## [WORK TASK]
Search the material and gather each line with "product" in it.

------------------------

(* Let $\mathbf{b}\in H_{1,2,2}$ have odd norm. Then there is exactly one unit $\mathbf{u}$ of $H_{1,2,2}$ such that $\mathbf{b}\mathbf{u}$ is primary, and exactly one unit $\mathbf{u}'$ of $H_{1,2,2}$ such that $\mathbf{u}'\mathbf{b}$ is primary.
   Context: Let $\mathbf{i},\mathbf{j},\mathbf{k}$ be the standard quaternion units; $\overline{\mathbf{q}}$ is quaternion conjugation and $N(\mathbf{q})=\mathbf{q}\overline{\mathbf{q}}$. $H_{1,2,2}$ is the subring of the quaternions equal to the $\mathbb{Z}$-module generated by $\mathbf{v}_1=1$, $\mathbf{v}_2=\mathbf{i}$, $\mathbf{v}_3=\tfrac12(1+\mathbf{i}+\sqrt2\,\mathbf{j})$, $\mathbf{v}_4=\tfrac12(1+\mathbf{i}+\sqrt2\,\mathbf{k})$; it has 24 units (elements of norm 1). Let $I = 2(1+\mathbf{i})H_{1,2,2}$ (equal to $H_{1,2,2}\,2(1+\mathbf{i})$). An element $\mathbf{q}\in H_{1,2,2}$ is primary if $\mathbf{q}-1\in I$ or $\mathbf{q}-(1+2\mathbf{v}_3)\in I$. *)

From HB Require Import structures.
From mathcomp Require Import all_boot all_order all_algebra.
Set Implicit Arguments. Unset Strict Implicit. Unset Printing Implicit Defensive.
Import Order.TTheory GRing.Theory Num.Theory.
Local Open Scope ring_scope.

Record quat (R : rcfType) := Quat { q0 : R; q1 : R; q2 : R; q3 : R }.

Section Quat.
Variable R : rcfType.
Implicit Types a b q : quat R.

Definition qadd a b := Quat (q0 a + q0 b) (q1 a + q1 b) (q2 a + q2 b) (q3 a + q3 b).
Definition qopp a := Quat (- q0 a) (- q1 a) (- q2 a) (- q3 a).
Definition qsub a b := qadd a (qopp b).
(* Hamilton product: i^2 = j^2 = k^2 = ijk = -1 *)
Definition qmul a b := Quat
  (q0 a * q0 b - q1 a * q1 b - q2 a * q2 b - q3 a * q3 b)
  (q0 a * q1 b + q1 a * q0 b + q2 a * q3 b - q3 a * q2 b)
  (q0 a * q2 b - q1 a * q3 b + q2 a * q0 b + q3 a * q1 b)
  (q0 a * q3 b + q1 a * q2 b - q2 a * q1 b + q3 a * q0 b).
Definition qconj a := Quat (q0 a) (- q1 a) (- q2 a) (- q3 a).
Definition qN q := qmul q (qconj q).
Definition qreal (r : R) := Quat r 0 0 0.
Definition qzscale (z : int) q := Quat (z%:~R * q0 q) (z%:~R * q1 q) (z%:~R * q2 q) (z%:~R * q3 q).

Definition q1e : quat R := qreal 1.
Definition qi : quat R := Quat 0 1 0 0.
Definition v1 : quat R := q1e.
Definition v2 : quat R := qi.
Definition v3 : quat R := Quat (1/2) (1/2) (Num.sqrt 2 / 2) 0.
Definition v4 : quat R := Quat (1/2) (1/2) 0 (Num.sqrt 2 / 2).

Definition inH q : Prop := exists a1 a2 a3 a4 : int,
  q = qadd (qadd (qzscale a1 v1) (qzscale a2 v2)) (qadd (qzscale a3 v3) (qzscale a4 v4)).

Definition unitH u : Prop := inH u /\ qN u = q1e.

Definition gen2 : quat R := qmul (qreal 2) (qadd q1e qi).
Definition inI q : Prop := exists h, inH h /\ q = qmul gen2 h.

Definition primary q : Prop :=
  inH q /\ (inI (qsub q q1e) \/ inI (qsub q (qadd q1e (qmul (qreal 2) v3)))).

Definition odd_norm b : Prop := exists n : int, odd `|n|%N /\ qN b = qreal n%:~R.
End Quat.

From mathcomp Require Import all_boot all_order all_algebra.
From mathcomp Require Import ring zify.
Set Implicit Arguments. Unset Strict Implicit. Unset Printing Implicit Defensive.
Import Order.TTheory GRing.Theory Num.Theory.
Local Open Scope ring_scope.

(* In the Z-basis v1, ..., v4 of H_{1,2,2} the product and the norm become
   integral bilinear and quadratic forms on Z^4.  Since 4 = 2(1+i)(1-i) lies
   in I, whether b u or u b is primary, and the parity of N(b), depend only on
   b modulo 4 H_{1,2,2}.  The norm form is positive definite, so the 24 units
   have small coordinates, and the theorem reduces to a finite check over the
   4^4 residues of odd norm. *)

(* (a1, a2, a3, a4) stands for a1 v1 + a2 v2 + a3 v3 + a4 v4 (see quat_of);
   cmul is read off from the multiplication table of the v_i. *)
Definition coord := (int * int * int * int)%type.

Definition cadd (a b : coord) : coord :=
  let: (a1, a2, a3, a4) := a in let: (b1, b2, b3, b4) := b in
  (a1 + b1, a2 + b2, a3 + b3, a4 + b4).

Definition csub (a b : coord) : coord :=
  let: (a1, a2, a3, a4) := a in let: (b1, b2, b3, b4) := b in
  (a1 - b1, a2 - b2, a3 - b3, a4 - b4).

Definition cscale (k : int) (a : coord) : coord :=
  let: (a1, a2, a3, a4) := a in (k * a1, k * a2, k * a3, k * a4).

Definition cmul (a b : coord) : coord :=
  let: (a1, a2, a3, a4) := a in let: (b1, b2, b3, b4) := b in
  (a1 * b1 - a2 * b2 - a2 * b3 - a3 * b3 - a4 * b2 - a4 * b3 - a4 * b4,
   a1 * b2 + a2 * b1 + a2 * b4 + a3 * b2 + a3 * b4 - a4 * b3,
   a1 * b3 - a2 * b4 + a3 * b1 + a3 * b3 + a4 * b2 + a4 * b3,
   a1 * b4 + a2 * b3 - a3 * b2 + a4 * b1 + a4 * b3 + a4 * b4).

Definition cnorm (a : coord) : int :=
  let: (a1, a2, a3, a4) := a in
  a1 * a1 + a2 * a2 + (a1 + a2) * (a3 + a4) + a3 * a3 + a4 * a4 + a3 * a4.

Definition cideal (x : coord) : bool :=
  let: (x1, x2, x3, x4) := x in
  [&& (2 %| x1)%Z, (2 %| x2)%Z, (2 %| x3)%Z, (2 %| x4)%Z,
      (4 %| x3 - x4)%Z & (4 %| x1 + x2 + x3)%Z].

Definition cone : coord := (1, 0, 0, 0).
Definition cone2v3 : coord := (1, 0, 2, 0).
Definition cgen : coord := (2, 2, 0, 0).

Definition cprimary (x : coord) : bool :=
  cideal (csub x cone) || cideal (csub x cone2v3).

Lemma cidealP x : reflect (exists h, x = cmul cgen h) (cideal x).
Proof.
apply: (iffP idP); case: x => [[[x1 x2] x3] x4] /=.
- case/and5P => /dvdzP[q1 e1] /dvdzP[q2 e2] /dvdzP[q3 e3] /dvdzP[q4 e4]
                /andP[/dvdzP[k ek] /dvdzP[m em]].
  by exists (m, q2 - m + k, q4 + k, - k) => /=; congr (_, _, _, _); lia.
- case=> [[[[h1 h2] h3] h4] [-> -> -> ->]].
  repeat (apply/andP; split); apply/dvdzP.
  + by exists (h1 - h2 - h3); ring.
  + by exists (h1 + h2 + h4); ring.
  + by exists (h3 - h4); ring.
  + by exists (h3 + h4); ring.
  + by exists (- h4); ring.
  + by exists h1; ring.
Qed.

Lemma cideal_shift x z : cideal (cadd x (cscale 4 z)) = cideal x.
Proof.
case: x z => [[[x1 x2] x3] x4] [[[z1 z2] z3] z4] /=.
have -> : x3 + 4 * z3 - (x4 + 4 * z4) = x3 - x4 + 4 * (z3 - z4) by ring.
have -> : x1 + 4 * z1 + (x2 + 4 * z2) + (x3 + 4 * z3) = x1 + x2 + x3 + 4 * (z1 + z2 + z3)
  by ring.
have shift d y z : (d %| 4)%Z -> (d %| y + 4 * z)%Z = (d %| y)%Z.
  by move=> d4; rewrite rpredDr // dvdz_mulr.
by rewrite !shift.
Qed.

Lemma cprimary_shift x z : cprimary (cadd x (cscale 4 z)) = cprimary x.
Proof.
have csubDl e : csub (cadd x (cscale 4 z)) e = cadd (csub x e) (cscale 4 z).
  by case: x z e => [[[? ?] ?] ?] [[[? ?] ?] ?] [[[? ?] ?] ?] /=; congr (_, _, _, _); ring.
by rewrite /cprimary !csubDl !cideal_shift.
Qed.

Lemma cmul_shiftl k a g u :
  cmul (cadd a (cscale k g)) u = cadd (cmul a u) (cscale k (cmul g u)).
Proof.
by case: a g u => [[[? ?] ?] ?] [[[? ?] ?] ?] [[[? ?] ?] ?] /=; congr (_, _, _, _); ring.
Qed.

Lemma cmul_shiftr k a g u :
  cmul u (cadd a (cscale k g)) = cadd (cmul u a) (cscale k (cmul u g)).
Proof.
by case: a g u => [[[? ?] ?] ?] [[[? ?] ?] ?] [[[? ?] ?] ?] /=; congr (_, _, _, _); ring.
Qed.

Lemma cnorm_shift_even a g : (2 %| cnorm (cadd a (cscale 4 g)))%Z = (2 %| cnorm a)%Z.
Proof.
have -> : cnorm (cadd a (cscale 4 g))
          = cnorm a + (4 * (cnorm (cadd a g) - cnorm a - cnorm g) + 16 * cnorm g).
  by case: a g => [[[? ?] ?] ?] [[[? ?] ?] ?] /=; ring.
by rewrite rpredDr // rpredD // dvdz_mulr.
Qed.

Definition cmod4 (a : coord) : coord :=
  let: (a1, a2, a3, a4) := a in ((a1 %% 4)%Z, (a2 %% 4)%Z, (a3 %% 4)%Z, (a4 %% 4)%Z).

Definition cdiv4 (a : coord) : coord :=
  let: (a1, a2, a3, a4) := a in ((a1 %/ 4)%Z, (a2 %/ 4)%Z, (a3 %/ 4)%Z, (a4 %/ 4)%Z).

Lemma cdivmod4 a : a = cadd (cmod4 a) (cscale 4 (cdiv4 a)).
Proof.
by case: a => [[[a1 a2] a3] a4] /=; rewrite !(addrC (_ %% 4)%Z) !(mulrC 4) -!divz_eq.
Qed.

Definition grid (s t : seq int) : seq coord :=
  [seq (xy.1, xy.2, zw.1, zw.2) | xy <- [seq (x, y) | x <- s, y <- s],
                                  zw <- [seq (z, w) | z <- t, w <- t]].

Lemma mem_grid s t a1 a2 a3 a4 :
  a1 \in s -> a2 \in s -> a3 \in t -> a4 \in t -> (a1, a2, a3, a4) \in grid s t.
Proof.
by move=> *; apply/allpairsP; exists ((a1, a2), (a3, a4)); split=> //; apply: allpairs_f.
Qed.

Definition zrange (m : int) (n : nat) : seq int := [seq m + i%:Z | i <- iota 0 n].

Lemma mem_zrange m n x : m <= x < m + n%:Z -> x \in zrange m n.
Proof.
move=> /andP[mx xn]; apply/mapP; exists `|x - m|%N; last by lia.
by rewrite mem_iota; lia.
Qed.

Lemma cmod4_grid a : cmod4 a \in grid (zrange 0 4) (zrange 0 4).
Proof.
have mod4 x : (x %% 4)%Z \in zrange 0 4.
  by apply: mem_zrange; rewrite add0r modz_ge0 ?ltz_pmod.
by case: a => [[[a1 a2] a3] a4]; apply: mem_grid.
Qed.

Definition cunits : seq coord :=
  [seq a <- grid (zrange (-2) 5) (zrange (-1) 3) | cnorm a == 1].

Lemma sqr_lt_bound (x n : int) : 0 <= n -> x * x < (n + 1) * (n + 1) -> -n <= x <= n.
Proof. by move=> n_ge0 lt_sq; apply/andP; split; nia. Qed.

Lemma cnorm_eq1_bound a1 a2 a3 a4 : cnorm (a1, a2, a3, a4) = 1 ->
  [/\ -2 <= a1 <= 2, -2 <= a2 <= 2, -1 <= a3 <= 1 & -1 <= a4 <= 1].
Proof.
move=> norm1.
have sum_sq : (2 * a1 + a3 + a4) ^+ 2 + (2 * a2 + a3 + a4) ^+ 2 + 2 * a3 ^+ 2 + 2 * a4 ^+ 2
              = 4 * cnorm (a1, a2, a3, a4) by rewrite /=; ring.
rewrite norm1 mulr1 in sum_sq.
have := sqr_ge0 (2 * a1 + a3 + a4); have := sqr_ge0 (2 * a2 + a3 + a4).
have := sqr_ge0 a3; have := sqr_ge0 a4.
rewrite !expr2 in sum_sq * => ? ? ? ?.
have /andP[? ?] : -1 <= a3 <= 1 by apply: sqr_lt_bound; lia.
have /andP[? ?] : -1 <= a4 <= 1 by apply: sqr_lt_bound; lia.
have /andP[? ?] : -2 <= 2 * a1 + a3 + a4 <= 2 by apply: sqr_lt_bound; lia.
have /andP[? ?] : -2 <= 2 * a2 + a3 + a4 <= 2 by apply: sqr_lt_bound; lia.
by split; apply/andP; split; lia.
Qed.

Lemma cnorm_eq1_cunits a : cnorm a = 1 -> a \in cunits.
Proof.
case: a => [[[a1 a2] a3] a4] norm1; rewrite mem_filter norm1 eqxx.
by have [*] := cnorm_eq1_bound norm1; apply: mem_grid; apply: mem_zrange.
Qed.

Definition unique_primary_unit (r : coord) : bool :=
  (count (fun u => cprimary (cmul r u)) cunits == 1%N) &&
  (count (fun u => cprimary (cmul u r)) cunits == 1%N).

Lemma unique_primary_unit_mod4 :
  all (fun r => (2 %| cnorm r)%Z || unique_primary_unit r) (grid (zrange 0 4) (zrange 0 4)).
Proof. by vm_compute. Qed.

Lemma count_eq1P (T : eqType) (p : pred T) s :
  count p s = 1%N -> exists x, [/\ x \in s, p x & {in s, forall y, p y -> y = x}].
Proof.
rewrite -size_filter; case def_ps: (filter p s) => [|x [|? ?]] // _.
have : x \in filter p s by rewrite def_ps mem_head.
rewrite mem_filter => /andP[px xs]; exists x; split=> // y ys py.
have : y \in filter p s by rewrite mem_filter py.
by rewrite def_ps inE => /eqP.
Qed.

Section Quaternions.
Variable R : rcfType.

Definition quat_of (a : coord) : quat R :=
  let: (a1, a2, a3, a4) := a in
  qadd (qadd (qzscale a1 (v1 R)) (qzscale a2 (v2 R)))
       (qadd (qzscale a3 (v3 R)) (qzscale a4 (v4 R))).

Local Notation sqrt2_half := (Num.sqrt 2 / 2 : R).

Lemma sqr_sqrt2_half : sqrt2_half * sqrt2_half = 1 / 2.
Proof.
rewrite mulrACA -expr2 sqr_sqrtr ?ler0n //.
by field; rewrite ?pnatr_eq0.
Qed.

Lemma sqrt2_half_neq0 : sqrt2_half != 0.
Proof. by rewrite mulf_neq0 ?invr_eq0 ?pnatr_eq0 // gt_eqF // sqrtr_gt0 ltr0n. Qed.

Lemma quat_ofE a1 a2 a3 a4 : quat_of (a1, a2, a3, a4) =
  Quat (a1%:~R + (a3%:~R + a4%:~R) / 2) (a2%:~R + (a3%:~R + a4%:~R) / 2)
       (a3%:~R * sqrt2_half) (a4%:~R * sqrt2_half).
Proof. by rewrite /quat_of /qadd /qzscale /=; congr Quat; field; rewrite ?pnatr_eq0. Qed.

Lemma qmul_jk_scaled (A B C D A' B' C' D' t : R) : t * t = 1 / 2 ->
  qmul (Quat A B (C * t) (D * t)) (Quat A' B' (C' * t) (D' * t)) =
  Quat (A * A' - B * B' - C * C' / 2 - D * D' / 2) (A * B' + B * A' + C * D' / 2 - D * C' / 2)
       ((A * C' - B * D' + C * A' + D * B') * t) ((A * D' + B * C' - C * B' + D * A') * t).
Proof.
move=> tt; rewrite /qmul /=; congr Quat; last 2 first; [ring | ring | |].
- transitivity (A * A' - B * B' - C * C' * (t * t) - D * D' * (t * t)); first ring.
  by rewrite tt; field; rewrite ?pnatr_eq0.
- transitivity (A * B' + B * A' + C * D' * (t * t) - D * C' * (t * t)); first ring.
  by rewrite tt; field; rewrite ?pnatr_eq0.
Qed.

Lemma quat_of_mul a b : qmul (quat_of a) (quat_of b) = quat_of (cmul a b).
Proof.
case: a b => [[[a1 a2] a3] a4] [[[b1 b2] b3] b4].
rewrite !quat_ofE qmul_jk_scaled ?sqr_sqrt2_half // !(intrD, intrB, intrM).
by congr Quat; field; rewrite ?pnatr_eq0.
Qed.

Lemma quat_of_norm a : qN (quat_of a) = qreal (cnorm a)%:~R.
Proof.
case: a => [[[a1 a2] a3] a4].
rewrite /qN quat_ofE /qconj /= -!mulNr qmul_jk_scaled ?sqr_sqrt2_half // !(intrD, intrM).
by rewrite /qreal; congr Quat; field; rewrite ?pnatr_eq0.
Qed.

Lemma quat_of_sub a b : qsub (quat_of a) (quat_of b) = quat_of (csub a b).
Proof.
case: a b => [[[a1 a2] a3] a4] [[[b1 b2] b3] b4].
rewrite /qsub /qadd /qopp !quat_ofE /= !intrB.
by congr Quat; field; rewrite ?pnatr_eq0.
Qed.

Lemma quat_of_inj : injective quat_of.
Proof.
case=> [[[a1 a2] a3] a4] [[[b1 b2] b3] b4]; rewrite !quat_ofE => -[e1 e2 e3 e4].
have ea3 : a3 = b3 by apply: (@intr_inj R); apply: (mulIf sqrt2_half_neq0).
have ea4 : a4 = b4 by apply: (@intr_inj R); apply: (mulIf sqrt2_half_neq0).
subst b3 b4.
by move/addIr/intr_inj: e1 => ->; move/addIr/intr_inj: e2 => ->.
Qed.

Lemma inHP q : inH q <-> exists a, q = quat_of a.
Proof.
split; first by case=> a1 [a2 [a3 [a4 ->]]]; exists (a1, a2, a3, a4).
by case=> [[[[a1 a2] a3] a4] ->]; exists a1, a2, a3, a4.
Qed.

Lemma quat_of_cone : q1e R = quat_of cone.
Proof. by rewrite quat_ofE /q1e /qreal; congr Quat; field; rewrite ?pnatr_eq0. Qed.

Lemma quat_of_cone2v3 : qadd (q1e R) (qmul (qreal 2) (v3 R)) = quat_of cone2v3.
Proof.
rewrite quat_ofE /q1e /qreal /qadd /qmul /v3 /=.
by congr Quat; field; rewrite ?pnatr_eq0.
Qed.

Lemma quat_of_cgen : gen2 R = quat_of cgen.
Proof.
rewrite quat_ofE /gen2 /q1e /qi /qreal /qadd /qmul /=.
by congr Quat; field; rewrite ?pnatr_eq0.
Qed.

Lemma inI_quat_of x : inI (quat_of x) <-> cideal x.
Proof.
rewrite /inI quat_of_cgen; split.
- case=> h [/inHP[a ->]]; rewrite quat_of_mul => /quat_of_inj ->.
  by apply/cidealP; exists a.
- case/cidealP=> a ->; exists (quat_of a); split; first by apply/inHP; exists a.
  by rewrite quat_of_mul.
Qed.

Lemma primary_quat_of x : primary (quat_of x) <-> cprimary x.
Proof.
rewrite /primary /cprimary quat_of_cone2v3 quat_of_cone !quat_of_sub !inI_quat_of.
split; first by case=> _ [] ->; rewrite ?orbT.
by move=> prim_x; split; [apply/inHP; exists x | apply/orP].
Qed.

Lemma unitH_quat_of u : unitH u <-> exists2 a, a \in cunits & u = quat_of a.
Proof.
split.
- case=> /inHP[a ->]; rewrite quat_of_norm /q1e /qreal => -[norm1].
  by exists a => //; apply: cnorm_eq1_cunits; apply: (@intr_inj R).
- case=> a; rewrite mem_filter => /andP[/eqP norm1 _] ->.
  by split; [apply/inHP; exists a | rewrite quat_of_norm norm1].
Qed.

Lemma exists_unique_unit (P : quat R -> Prop) (p : pred coord) :
  (forall a, P (quat_of a) <-> p a) -> count p cunits = 1%N ->
  exists! u, unitH u /\ P u.
Proof.
move=> Pp /count_eq1P[a [a_unit pa a_uniq]].
exists (quat_of a); split; first by split; [apply/unitH_quat_of; exists a | apply/Pp].
by move=> _ [/unitH_quat_of[b b_unit ->] /Pp pb]; rewrite (a_uniq b).
Qed.
End Quaternions.

Theorem lemma15 (R : rcfType) (b : quat R) :
  inH b -> odd_norm b ->
  (exists! u : quat R, unitH u /\ primary (qmul b u)) /\
  (exists! u' : quat R, unitH u' /\ primary (qmul u' b)).
Proof.
move=> /inHP[a ->] [n [odd_n]]; rewrite quat_of_norm => -[/(@intr_inj R) norm_a].
set r := cmod4 a; have def_a : a = cadd r (cscale 4 (cdiv4 a)) := cdivmod4 a.
have odd_r : ~~ (2 %| cnorm r)%Z.
  by rewrite -(cnorm_shift_even r (cdiv4 a)) -def_a norm_a dvdzE dvdn2 negbK.
have := allP unique_primary_unit_mod4 r (cmod4_grid a).
rewrite (negbTE odd_r) => /andP[/eqP unique_right /eqP unique_left].
split.
- apply: exists_unique_unit unique_right => u.
  by rewrite quat_of_mul primary_quat_of def_a cmul_shiftl cprimary_shift.
- apply: exists_unique_unit unique_left => u.
  by rewrite quat_of_mul primary_quat_of def_a cmul_shiftr cprimary_shift.
Qed.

------------------------

## [OUTPUT OF THE EXERCISE]
(* Hamilton product: i^2 = j^2 = k^2 = ijk = -1 *)
(* In the Z-basis v1, ..., v4 of H_{1,2,2} the product and the norm become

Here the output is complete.